Before I knew that fish needed to have darkness to sleep and rest, I left the tank light on 24 hours a day in my fish tank. It didn't matter what kind of fish. I like to enjoy my betta tank at night, so I turn the light on for 2-4 hours at night. I would like to see the fish more, so would a night light be any good at all, or would they still need complete darkness at night?


----------



## lelei (Apr 30, 2012)

_As long as they have a dark cave to hide in, and plants to keep the light out, the tank lights need to be out, but a light dim, in the room is fine, _

_I used to do it that way, with my daughter's light in her room, when our first fish was in her room in a Kritter keeper, that didnt have a light anyways, but she still needed a night light, so he got sleep with her light on, or if you have a timer, when you can leave on until your sleeping, like that first 2 hours then it shuts off automatically..then that's ok too.. Both of our fish are in bigger tanks, now and in the living room, so I just shut out the tank lights, and leave on a dim nightlight in the living room for the main light in case we have to go downstairs, for anything, but that does not bother either one of them_


----------



## staffylover (Jun 10, 2012)

I put mine into total darkness overnight, I thought they needed the sleep and day/night routine


----------



## labloverl (Feb 12, 2012)

Okay, what about LED lights that are for the tank itself. I saw one in the betta section of a pet store today. On the box, it said that it could be used as a nightlight, but I wonder if it would be too bright.


----------



## thekoimaiden (Oct 19, 2011)

Fish (and plants) do need a period of total darkness, but after the tank light goes out, you can get a moonlight for the tank for a few hours. Moonlights are usually dim LED lights. I've seen some really neat videos of what people have done with them on youtube. I've also seen them sold online, too. I'm getting a few for my community tanks. 

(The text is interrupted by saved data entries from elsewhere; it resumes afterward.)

(* Let $\beta_t>0$ for $t\in[0,1]$, set the base drift $f:=0$, and consider the Schr\''odinger bridge $\mathrm{d}X_t=\beta_t\nabla\log\Psi(X_t,t)\mathrm{d}t+\sqrt{\beta_t}\mathrm{d}W_t$ (equivalently $\mathrm{d}X_t=-\beta_t\nabla\log\widehat\Psi(X_t,t)\mathrm{d}t+\sqrt{\beta_t}\mathrm{d}\overline W_t$) between boundary distributions at $t=0$ and $t=1$. Define $\sigma_t^2:=\int_0^t\beta_\tau\,\mathrm{d}\tau$ and $\bar\sigma_t^2:=\int_t^1\beta_\tau\,\mathrm{d}\tau$. Then the posterior of $X_t$ given the boundary pair $(X_0,X_1)$ is $$q(X_t\mid X_0,X_1)=\mathcal N\big(X_t;\mu_t(X_0,X_1),\Sigma_t\big),\quad \mu_t=\frac{\bar\sigma_t^2}{\bar\sigma_t^2+\sigma_t^2}X_0+\frac{\sigma_t^2}{\bar\sigma_t^2+\sigma_t^2}X_1,\quad \Sigma_t=\frac{\sigma_t^2\bar\sigma_t^2}{\bar\sigma_t^2+\sigma_t^2}I.$$ Moreover, for a time discretization $0=t_0<\dots<t_N=1$ with $X_n:=X_{t_n}$, let $p(X_n\mid X_0,X_{n+1})$ denote the DDPM posterior, i.e. the conditional density of $X_{t_n}$ given $X_0$ and $X_{t_{n+1}}$ under the process $\mathrm{d}X_t=\sqrt{\beta_t}\,\mathrm{d}W_t$ started at $X_0$. Then for every $0\le n\le N-1$, $$q(X_n\mid X_0,X_N)=\int\prod_{k=n}^{N-1}p(X_k\mid X_0,X_{k+1})\,\mathrm{d}X_{n+1}\cdots\mathrm{d}X_{N-1}.$$
   Context: $W_t$ is a standard $d$-dimensional Wiener process, $\overline W_t$ its reversed-time counterpart, and $\Psi,\widehat\Psi$ are the Schr\''odinger bridge potentials, solving $\partial_t\Psi=-\tfrac12\beta_t\Delta\Psi$, $\partial_t\widehat\Psi=\tfrac12\beta_t\Delta\widehat\Psi$ (the system with $f=0$) with $\Psi(\cdot,0)\widehat\Psi(\cdot,0)$ and $\Psi(\cdot,1)\widehat\Psi(\cdot,1)$ equal to the boundary densities at $t=0$ and $t=1$. $I$ is the $d\times d$ identity. Explicitly, with $\alpha_n^2:=\int_{t_n}^{t_{n+1}}\beta_\tau\mathrm{d}\tau$, $p(X_n\mid X_0,X_{n+1})=\mathcal N\big(X_n;\frac{\alpha_n^2}{\alpha_n^2+\sigma_{t_n}^2}X_0+\frac{\sigma_{t_n}^2}{\alpha_n^2+\sigma_{t_n}^2}X_{n+1},\frac{\sigma_{t_n}^2\alpha_n^2}{\alpha_n^2+\sigma_{t_n}^2}I\big)$. *)

From HB Require Import structures.
From mathcomp Require Import all_boot all_order all_algebra.
From mathcomp Require Import all_classical all_reals all_analysis.
Set Implicit Arguments. Unset Strict Implicit. Unset Printing Implicit Defensive.
Import Order.TTheory GRing.Theory Num.Theory.
Import numFieldNormedType.Exports.
Local Open Scope classical_set_scope.
Local Open Scope ring_scope.

Section Defs.
Variable R : realType.

(* Lebesgue integral over R^d (points are row vectors 'rV[R]_d), defined as
   the iterated one-dimensional Lebesgue integral over the coordinates. *)
Fixpoint intRd (d : nat) : ('rV[R]_d -> \bar R) -> \bar R :=
  match d with
  | 0 => fun F => F 0
  | d'.+1 => fun F =>
      (\int[@lebesgue_measure R]_(x in [set: R])
         intRd (fun v : 'rV[R]_d' => F (row_mx (const_mx x : 'rV[R]_1) v)))%E
  end.

Definition sqnorm (d : nat) (v : 'rV[R]_d) : R := \sum_(i < d) (v 0 i) ^+ 2.

Definition gauss (d : nat) (m : 'rV[R]_d) (v : R) (x : 'rV[R]_d) : R :=
  (Num.sqrt (2 * pi * v)) ^- d * expR (- sqnorm (x - m) / (2 * v)).

Definition sig2 (beta : R -> R) (s t : R) : R :=
  fine (\int[@lebesgue_measure R]_(x in `[s, t]) (beta x)%:E)%E.

(* transition density of the reference process dX = sqrt(beta) dW, from (x,s) to (y,t) *)
Definition refK (d : nat) (beta : R -> R) (s t : R) (x y : 'rV[R]_d) : R :=
  gauss x (sig2 beta s t) y.

(* transition density of the Schroedinger bridge dX = beta grad log Psi dt + sqrt(beta) dW
   (Doob h-transform of the reference process by Psi) *)
Definition sbK (d : nat) (beta : R -> R) (Psi : 'rV[R]_d -> R -> R)
  (s t : R) (x y : 'rV[R]_d) : R :=
  refK beta s t x y * Psi y t / Psi x s.

(* joint density of (X_0, X_t, X_1) under the bridge, initial density Psi(.,0) Psihat(.,0) *)
Definition sb_joint (d : nat) (beta : R -> R) (Psi Psihat : 'rV[R]_d -> R -> R)
  (t : R) (x0 xt x1 : 'rV[R]_d) : R :=
  Psi x0 0 * Psihat x0 0 * sbK beta Psi 0 t x0 xt * sbK beta Psi t 1 xt x1.

Definition sb_post (d : nat) (beta : R -> R) (Psi Psihat : 'rV[R]_d -> R -> R)
  (t : R) (x0 x1 xt : 'rV[R]_d) : R :=
  sb_joint beta Psi Psihat t x0 xt x1 /
  fine (intRd (fun y => (sb_joint beta Psi Psihat t x0 y x1)%:E)).
Lemma mA_matching p : 0 < p < n -> mA n pi p = mA_path n (matching_rows n pi) p.
Proof.
move=> p_range; rewrite /mA /arches_L /arches_R !size_filter /mA_path -count_spanning //.
rewrite !height_matching; try lia.
have -> : count (covers p) pi =
    count (fun a : nat * nat => [&& a.1 <= p, p < a.2 & a.2 < hat n p]) pi
    + count (fun a : nat * nat => (a.1 <= p) && (hat n p <= a.2)) pi.
  by apply: count_disjoint_in => a pa; have := arch_lt pa; rewrite /covers /hat; lia.
have -> : count (covers (2 * n - p)) pi =
    count (fun a : nat * nat => (a.1 <= p) && (hat n p <= a.2)) pi
    + count (fun a : nat * nat => [&& p < a.1, a.1 < hat n p & hat n p <= a.2]) pi.
  by apply: count_disjoint_in => a pa; have := arch_lt pa; rewrite /covers /hat; lia.
lia.
Qed.

End Matching.

Theorem theorem3p2 (n : nat) (pi : seq (nat * nat)) :
  is_matching n pi ->
  forall p : nat, 1 <= p <= n.-1 -> mA n pi p = mB n pi p.
Proof.
move=> pi_matching p p_range; have {}p_range : 0 < p < n by lia.
rewrite mA_matching // /mB /B_multiset /rim_decomposition young_diagram //.
by rewrite count_rims_diagram //; apply: matching_rows_shape.
Qed.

The nightlight that you saw in the tank is moonlighting and would be fine to leave on for a few hours after the tank light goes out. Leaving that light on a timer would be great if you want to use it as a night light.


----------



## Destinystar (May 26, 2012)

Not sure but LED I think can be bright are they clear or colored ? I got a Aqua Glo light at my LFS and its a peachy coral color 15 watt bulb . I got it cause Perseus doesnt seem to like a very bright light and this one is perfect for him although I am using a brighter one now cause I got some water plants and they are floating up top of the water and block some of the light so now he doesnt seem to mind it as much now when I use the bright one the hood came with. If you could find one of those I think it would work perfect for you !

I think that after say 10 at night they need some darkness to sleep and I turn off the lights in the room he is in but have a light night in the room that just plugs into the wall. Hope you find something that works for you and your fish.


----------



## kfryman (Nov 7, 2011)

Fish should have a few hours of total darkness every night, you can put a moon light led and turn it off once your done. Just because you would like to view your fish doesn't mean subjecting them to rest deprivation.


----------